Clinical Trials Logo

Clinical Trial Summary

A randomized prospective comparison of two FDA approved intravenous catheters in the emergency department setting. The Terumo SurFlash Plus offers novel technologies that promise to increase intravenous access success rates and decrease blood contamination of the insertion site. This study would analyze these properties in our busy, urban emergency department setting where time and safety of intravenous access are most critical.
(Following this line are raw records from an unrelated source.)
Lemma gabidulin_entries_notin_Fq s k c (X : 'M[L]_(k, c)) (g : 'I_(k + c) -> L) :
  coprime s m -> Fq_linindep q g -> (row_mx 1%:M X <= gabmx q s k g)%MS ->
  forall i j, ~~ inFq q (X i j).
Proof.
move=> cop gi CG i j; apply/negP => XF; set x := X i j.
have [a rowE] := submxP (submx_trans (row_sub i _) CG).
have aE y : linpoly_eval s a (g y) = row_mx 1%:M X i y.
  by rewrite -gabmx_mulE -rowE mxE.
(* Row i of C would vanish, as a linearized polynomial, at the k independent
   elements g (lshift t) (t != i) and g (rshift j) - x * g (lshift i). *)
pose g' y := if y == rshift k j then g (rshift k j) - x * g (lshift c i) else g y.
pose f t := if t == i then rshift k j else lshift c t.
have f_inj : injective f.
  move=> t1 t2; rewrite /f.
  by do 2![case: eqP => [->|_]] => // /eqP; rewrite ?eq_shift // => /eqP.
have hi : Fq_linindep q (fun t => g' (f t)).
  by apply: Fq_linindep_comp f_inj (Fq_linindep_shear _ XF gi); rewrite eq_shift.
suff a0 : a = 0.
  have := aE (lshift c i); rewrite a0 linpoly_eval0 row_mxEl mxE eqxx.
  by move=> /esym/eqP; rewrite oner_eq0.
apply: linpoly_eval_eq0 cop hi _ => t.
case: (eqVneq t i) => [->|ti]; rewrite /g' /f.
  by rewrite !eqxx linpoly_evalBZ // !aE row_mxEr row_mxEl mxE eqxx mulr1 subrr.
by rewrite (negbTE ti) eq_shift aE row_mxEl mxE eq_sym (negbTE ti).
Qed.

Lemma gen_gabidulin_Gset k c (X : 'M[L]_(k, c)) :
  (0 < k)%N -> (0 < c)%N -> (1 < m)%N ->
  is_gen_gabidulin q m (row_mx 1%:M X) ->
  exists2 s : 'I_m, (0 < s)%N && coprime s m & X \in Gset L q s k c.
Proof.
move=> k_gt0 c_gt0 m_gt1 [s [g [cop [gi CG]]]].
exists (Ordinal (ltn_pmod s m_gt0)) => /=.
  rewrite coprime_modl cop andbT lt0n; apply: contraTneq cop => /eqP/gcdn_idPr.
  by rewrite /coprime => ->; rewrite gtn_eqF.
have frobmxE : frobmx q (s %% m) X = map_mx (frob s) X.
  by apply/matrixP => i j; rewrite !mxE frob_modn.
rewrite inE frobmxE (gabidulin_rank_frobB k_gt0 c_gt0 cop gi CG) eqxx andbT.
have [CsubG _] := andP CG.
apply/forallP => i; apply/forallP => j.
exact: gabidulin_entries_notin_Fq cop gi CsubG i j.
Qed.

End Gabidulin.

Theorem lemma4p7 (L : finFieldType) (q m k n : nat) :
  (exists p e : nat, [/\ prime p, (0 < e)%N & q = (p ^ e)%N]) ->
  #|L| = (q ^ m)%N ->
  (2 <= m)%N -> (1 <= k)%N -> (k < n)%N ->
  Pr [set X : 'M[L]_(k, n - k) |
        `[< is_gen_gabidulin q m (row_mx (1%:M : 'M[L]_k) X) >]]
    <= \sum_(s < m | (0 < s)%N && coprime s m) Pr (Gset L q s k (n - k))
  /\ \sum_(s < m | (0 < s)%N && coprime s m) Pr (Gset L q s k (n - k))
     = \sum_(s < m | (0 < s)%N && coprime s m)
         (#|Gset L q s k (n - k)|%:R / (q ^ (m * k * (n - k)))%N%:R : rat).
Proof.
move=> [p [e [p_prime _ qE]]] cardL m_gt1 k_gt0 kn.
have cardT : #|{: 'M[L]_(k, n - k)}| = (q ^ (m * k * (n - k)))%N.
  by rewrite card_mx cardL -expnM mulnA.
split; last by apply: eq_bigr => s _; rewrite /Pr cardT.
set A := [set X | _].
have A_sub : A \subset \bigcup_(s < m | (0 < s)%N && coprime s m) Gset L q s k (n - k).
  apply/subsetP => X; rewrite inE => /asboolP gab; apply/bigcupP.
  have nk_gt0 : (0 < n - k)%N by rewrite subn_gt0.
  have [s s_ok XG] := gen_gabidulin_Gset p_prime qE cardL (ltnW m_gt1)
    k_gt0 nk_gt0 m_gt1 gab.
  by exists s.
rewrite /Pr -mulr_suml -natr_sum ler_wpM2r ?invr_ge0 ?ler0n // ler_nat.
exact: leq_trans (subset_leq_card A_sub) (leq_card_bigcup _ _).
Qed.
Clinical Trial Description

Rational for the Study Emergency department (ED) patients frequently require rapid, short-term intravenous (IV) access for diagnosis and treatment of emergency medical conditions. IV access can be uncomfortable and painful for the patient. Therefore ensuring first attempt success is important. Furthermore, given the time-sensitive nature of emergent medical conditions, immediate success helps to minimize delay in analgesic medication administration, resuscitation and therapeutic interventions. The process of obtaining IV access has the potential for operator exposure to blood-borne pathogens. After a tourniquet is placed on an extremity, positive venous pressure forces blood out of the catheter until a lure lock can be applied. Traditional IV catheters require the operator to kink the catheter and apply pressure to the body of the catheter to mitigate the degree of blood leakage while simultaneously connecting the lure lock. This is a complicated process that often leads to blood contamination of the insertion site, and the environment, including the potential for blood spillage on the bedding, ground or the operator. In addition to the potential for blood-born pathogen exposures, this spillage leads to further patient care delays, as it requires prompt cleaning.

Terumo Medical Corp., a leading manufacturer of medical devices, has introduced a novel IV access catheter (which is already FDA approved) with features that promise to increase first attempt success and decrease blood contamination during the insertion process. The Terumo SurFlash Plus catheter has a technology that produces a visible flash of blood at the end of the catheter when the needle is placed in the vessel and a second flash between the catheter and the needle which confirms proper catheter placement in the vein. Furthermore, this new catheter has a proprietary safety valve that minimizes the risk of blood exposure between needle removal and IV lure lock attachment.

This study would analyze these unique properties (first skin puncture success and insertion site blood contamination) in a high volume, urban emergency department where time and safety of IV access are critical.

Purpose of Study Primary Objective: Compare the rate of first-skin puncture success using the Terumo SurFlash Plus compared with the BD Insyte Autoguard.

Secondary Objective: Compare the frequency and severity of blood contamination of the insertion site between the two aforementioned devices.

Research Design This will be a prospective, randomized controlled study of the Terumo SurFlash Plus IV catheter versus the current standard ED IV catheter (BD Insyte Autoguard).

Study device: The Terumo SurFlash Plus catheter is FDA approved and already used at multiple medical centers in the United States. Gauge sizes 18, 20 and 22 will be provided by TERUMO to the ED at no cost to the hospital.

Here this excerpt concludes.